:: Data for analysis ::
(* Let $G$ be a finite simple graph. Then the independence attractor $\mathcal{A}(G)$ of $G$ is not a circle.
   Context: For a finite simple graph $G$, an independent set is a set of pairwise non-adjacent vertices. The independence polynomial is $I_G(z)=\sum_{i=0}^{\alpha} a_i z^i$, where $a_i$ is the number of independent sets of cardinality $i$ (so $a_0=1$) and $\alpha$ (the independence number) is the largest cardinality of an independent set. The lexicographic product $G[H]$ has vertex set $V(G)\times V(H)$, with $(u,v)\sim(u',v')$ iff $u\sim u'$ in $G$, or $u=u'$ and $v\sim v'$ in $H$. Let $G^1=G$ and $G^{m}=G[G^{m-1}]$ denote the $m$-fold lexicographic product of $G$ with itself. The independence attractor is $\mathcal{A}(G)=\lim_{m\to\infty}\{z\in\mathbb{C}: I_{G^m}(z)=0\}$, the limit taken in the Hausdorff metric on nonempty compact subsets of $\mathbb{C}$. (Equivalently, with $P_G=I_G-1$, $\mathcal{A}(G)=\lim_{m\to\infty}\{z: P_G^m(z)=-1\}$, where $P_G^m$ is the $m$-th iterate.) *)

From HB Require Import structures.
From mathcomp Require Import all_boot all_order all_algebra.
From mathcomp Require Import complex.
From mathcomp Require Import reals.

Set Implicit Arguments.
Unset Strict Implicit.
Unset Printing Implicit Defensive.

Import Order.TTheory GRing.Theory Num.Theory.
Local Open Scope ring_scope.

Definition simple_graph (T : finType) (e : rel T) : Prop :=
  symmetric e /\ irreflexive e.

Definition independent (T : finType) (e : rel T) (S : {set T}) : bool :=
  [forall x in S, forall y in S, ~~ e x y].

Definition indep_poly_eval (T : finType) (e : rel T) (F : comNzRingType) (z : F) : F :=
  \sum_(S : {set T} | independent e S) z ^+ #|S|.

(* Adjacency of the m-fold lexicographic power G^m on vertex sequences
   (x_1, ..., x_m): G^m = G[G^(m-1)], i.e. (u,v) ~ (u',v') iff u ~ u' in G,
   or u = u' and v ~ v' in G^(m-1). *)
Fixpoint lex_adj (T : eqType) (e : rel T) (x y : seq T) : bool :=
  match x, y with
  | a :: x', b :: y' => e a b || ((a == b) && lex_adj e x' y')
  | _, _ => false
  end.

Definition lex_pow_rel (T : finType) (e : rel T) (m : nat) : rel (m.-tuple T) :=
  fun x y => lex_adj e (tval x) (tval y).

Definition lex_pow_roots (R : realType) (T : finType) (e : rel T) (m : nat)
    (z : R[i]) : Prop :=
  indep_poly_eval (@lex_pow_rel T e m) z = 0.

Definition hausdorff_converges (R : realType) (A : nat -> R[i] -> Prop)
    (L : R[i] -> Prop) : Prop :=
  forall eps : R, 0 < eps -> exists N : nat, forall m : nat, (N <= m)%N ->
    (forall z, A m z -> exists2 w, L w & `|z - w| < (eps%:C)%C) /\
    (forall w, L w -> exists2 z, A m z & `|z - w| < (eps%:C)%C).

Definition circle (R : realType) (c : R[i]) (r : R) : R[i] -> Prop :=
  fun z => `|z - c| = (r%:C)%C.

(* Write P = I_G - 1. An independent set of G[H] is a family of nonempty
   independent sets of H indexed by an independent set of G, so
   I_{G[H]} = I_G o (I_H - 1); hence I_{G^m} = 1 + P^m, and P maps the zeros
   of I_{G^(m+1)} to zeros of I_{G^m}. If these zero sets converged to a
   circle |z - c| = r, continuity of P would make P map the circle into
   itself. Rescaled to the unit circle, such a polynomial q satisfies
   q(u) * conj(q(u)) = 1 there, which forces q to divide a power of z; so
   P = c + b (z - c)^k. Comparing with P(0) = 0 and P'(0) = |V(G)| shows that
   P has a nonzero coefficient in degree |V(G)| unless |V(G)| <= 1, so V(G) is
   independent. Then I_{G^m}(z) = 1 + P^m(z) vanishes only at z = -1, and
   subsets of a single point cannot converge to a circle. *)

From HB Require Import structures.
From mathcomp Require Import all_boot all_order all_algebra.
From mathcomp Require Import complex.
From mathcomp Require Import reals.
From mathcomp Require Import ring.
Import Order.TTheory GRing.Theory Num.Theory.
Local Open Scope ring_scope.

Set Implicit Arguments.
Unset Strict Implicit.
Unset Printing Implicit Defensive.

Lemma independentP (T : finType) (e : rel T) (S : {set T}) :
  reflect {in S &, forall x y, ~~ e x y} (independent e S).
Proof.
apply: (iffP forallP) => [indS x y xS yS | indS x].
  by move/implyP/(_ xS)/forallP/(_ y)/implyP: (indS x); apply.
by apply/implyP => xS; apply/forallP => y; apply/implyP; apply: indS.
Qed.

Lemma independent0 (T : finType) (e : rel T) : independent e set0.
Proof. by apply/independentP => x y; rewrite inE. Qed.

Lemma indep_poly_eval_iso (F : comNzRingType) (A B : finType) (r : rel A) (s : rel B)
    (phi : A -> B) (z : F) :
  bijective phi -> {mono phi : x y / r x y >-> s x y} ->
  indep_poly_eval s z = indep_poly_eval r z.
Proof.
move=> [psi phiK psiK] phi_mono; have phi_inj := can_inj phiK.
have imset_bij : {on [pred S | independent s S],
                   bijective (fun S : {set A} => phi @: S)}.
  exists (fun S : {set B} => psi @: S) => S _.
    by rewrite -imset_comp (eq_imset _ phiK) imset_id.
  by rewrite -imset_comp (eq_imset _ psiK) imset_id.
rewrite /indep_poly_eval (reindex _ imset_bij) /=.
apply: eq_big => S; last by rewrite card_imset.
apply/independentP/independentP => indS x y.
  by move=> xS yS; rewrite -phi_mono; apply: indS; apply: imset_f.
by move=> /imsetP [x' x'S ->] /imsetP [y' y'S ->]; rewrite phi_mono; apply: indS.
Qed.

Lemma indep_poly_eval_sub1 (T : finType) (e : rel T) (F : comNzRingType) (z : F) :
  indep_poly_eval e z - 1 = \sum_(S | independent e S && (S != set0)) z ^+ #|S|.
Proof.
rewrite /indep_poly_eval (bigD1 set0) ?independent0 //= cards0 expr0 addrC addrK.
by apply: eq_bigl => S; rewrite andbC.
Qed.

Section LexicographicProduct.
Variables (T U : finType) (e : rel T) (f : rel U).

Definition lex_rel : rel (T * U) :=
  fun p q => e p.1 q.1 || ((p.1 == q.1) && f p.2 q.2).

Definition set_of_fibers (g : {ffun T -> {set U}}) : {set T * U} :=
  [set p | p.2 \in g p.1].

Definition fibers (S : {set T * U}) : {ffun T -> {set U}} :=
  [ffun a => [set x | (a, x) \in S]].

Definition fiber_support (g : {ffun T -> {set U}}) : {set T} :=
  [set a | g a != set0].

Lemma set_of_fibersK : cancel set_of_fibers fibers.
Proof. by move=> g; apply/ffunP => a; apply/setP => x; rewrite ffunE !inE. Qed.

Lemma fibersK : cancel fibers set_of_fibers.
Proof. by move=> S; apply/setP => -[a x]; rewrite !inE ffunE inE. Qed.

Lemma card_set_of_fibers g : #|set_of_fibers g| = (\sum_a #|g a|)%N.
Proof.
rewrite -sum1_card.
rewrite (eq_bigl (fun p : T * U => predT p.1 && (p.2 \in g p.1))) => [|[a x]];
  last by rewrite !inE.
rewrite -(pair_big_dep predT (fun a x => x \in g a) (fun _ _ => 1%N)) /=.
by apply: eq_bigr => a _; rewrite sum1_card.
Qed.

Lemma independent_set_of_fibers g :
  independent lex_rel (set_of_fibers g) =
  independent e (fiber_support g) && [forall a, independent f (g a)].
Proof.
apply/independentP/andP => [indS | [/independentP indX /forallP indg]].
  split.
    apply/independentP => a b; rewrite !inE => /set0Pn [x xa] /set0Pn [y yb].
    have := indS (a, x) (b, y); rewrite !inE /= => /(_ xa yb).
    by rewrite /lex_rel /= negb_or => /andP [].
  apply/forallP => a; apply/independentP => x y xa ya.
  have := indS (a, x) (a, y); rewrite !inE /= => /(_ xa ya).
  by rewrite /lex_rel /= eqxx /= negb_or => /andP [].
move=> [a x] [b y]; rewrite !inE /= => xa yb.
have suppa : a \in fiber_support g by rewrite inE; apply/set0Pn; exists x.
have suppb : b \in fiber_support g by rewrite inE; apply/set0Pn; exists y.
rewrite /lex_rel /= negb_or indX //=; apply/negP => /andP [/eqP eab fxy].
by move: yb fxy; rewrite -eab => yb; move/independentP: (indg a) => /(_ x y xa yb) /negP.
Qed.

Lemma set_of_fibers_in_family (X : {set T}) g : independent e X ->
  (independent lex_rel (set_of_fibers g) && (fiber_support g == X)) =
  (g \in pfamily set0 X (fun _ S => independent f S && (S != set0))).
Proof.
move=> indX; apply/andP/pfamilyP => [[] | [/supportP gX0 gX]].
  rewrite independent_set_of_fibers => /andP [_ /forallP indg] /eqP <-.
  split; first by apply/supportP => a; rewrite inE negbK => /eqP.
  by move=> a; rewrite inE => ga0; rewrite unfold_in indg.
have suppX : fiber_support g = X.
  apply/setP => a; rewrite inE; have [aX | aX] := boolP (a \in X).
    by move: (gX a aX); rewrite unfold_in => /andP [].
  by rewrite gX0 // eqxx.
rewrite independent_set_of_fibers suppX indX eqxx; split=> //.
apply/forallP => a; have [aX | aX] := boolP (a \in X).
  by move: (gX a aX); rewrite unfold_in => /andP [].
by rewrite gX0 // independent0.
Qed.

Lemma exp_card_set_of_fibers (F : comNzRingType) (z : F) g :
  z ^+ #|set_of_fibers g| = \prod_(a in fiber_support g) z ^+ #|g a|.
Proof.
rewrite card_set_of_fibers (big_morph _ (exprD z) (expr0 z)).
rewrite (bigID (mem (fiber_support g))) /= [X in _ * X]big1 ?mulr1 // => a.
by rewrite inE negbK => /eqP ->; rewrite cards0.
Qed.

Lemma indep_poly_eval_lex (F : comNzRingType) (z : F) :
  indep_poly_eval lex_rel z = indep_poly_eval e (indep_poly_eval f z - 1).
Proof.
have fibers_bij : {on [pred S | independent lex_rel S], bijective set_of_fibers}.
  by exists fibers => S _; [apply: set_of_fibersK | apply: fibersK].
rewrite /indep_poly_eval (reindex _ fibers_bij) /=.
rewrite (partition_big fiber_support (independent e)) => [|g];
  last by rewrite independent_set_of_fibers => /andP [].
apply: eq_bigr => X indX; rewrite -/(indep_poly_eval f z) indep_poly_eval_sub1.
rewrite -prodr_const (big_distr_big_dep set0) /=.
apply: eq_big => g; first exact: set_of_fibers_in_family.
by move=> /andP [_ /eqP <-]; rewrite exp_card_set_of_fibers.
Qed.
End LexicographicProduct.

Lemma indep_poly_eval_edgeless (T : finType) (e : rel T) (F : comNzRingType) (z : F) :
  (forall x y, ~~ e x y) -> indep_poly_eval e z = (1 + z) ^+ #|T|.
Proof.
move=> edgeless; rewrite /indep_poly_eval (eq_bigl predT) => [|S];
  last by apply/independentP => x y _ _; apply: edgeless.
rewrite addrC -prodr_const (bigA_distr _ _ (fun=> z) (fun=> 1)).
by apply: eq_bigr => S _; rewrite -big_mkcond prodr_const.
Qed.

Section LexicographicPower.
Variables (T : finType) (e : rel T) (F : comNzRingType).

Lemma indep_poly_eval_lex_pow0 (z : F) : indep_poly_eval (@lex_pow_rel T e 0) z = 1 + z.
Proof.
rewrite indep_poly_eval_edgeless => [|x y]; last by rewrite (tuple0 x) (tuple0 y).
by have := card_tuple 0 T; rewrite expn0 => ->.
Qed.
:::
▸ Your task
From the entries above, restate word for word the lines from the line containing "(forall z, A" to the line containing "P has a nonzero", both ends included, and nothing more.

▸ Expected output
    (forall z, A m z -> exists2 w, L w & `|z - w| < (eps%:C)%C) /\
    (forall w, L w -> exists2 z, A m z & `|z - w| < (eps%:C)%C).

Definition circle (R : realType) (c : R[i]) (r : R) : R[i] -> Prop :=
  fun z => `|z - c| = (r%:C)%C.

(* Write P = I_G - 1. An independent set of G[H] is a family of nonempty
   independent sets of H indexed by an independent set of G, so
   I_{G[H]} = I_G o (I_H - 1); hence I_{G^m} = 1 + P^m, and P maps the zeros
   of I_{G^(m+1)} to zeros of I_{G^m}. If these zero sets converged to a
   circle |z - c| = r, continuity of P would make P map the circle into
   itself. Rescaled to the unit circle, such a polynomial q satisfies
   q(u) * conj(q(u)) = 1 there, which forces q to divide a power of z; so
   P = c + b (z - c)^k. Comparing with P(0) = 0 and P'(0) = |V(G)| shows that
   P has a nonzero coefficient in degree |V(G)| unless |V(G)| <= 1, so V(G) is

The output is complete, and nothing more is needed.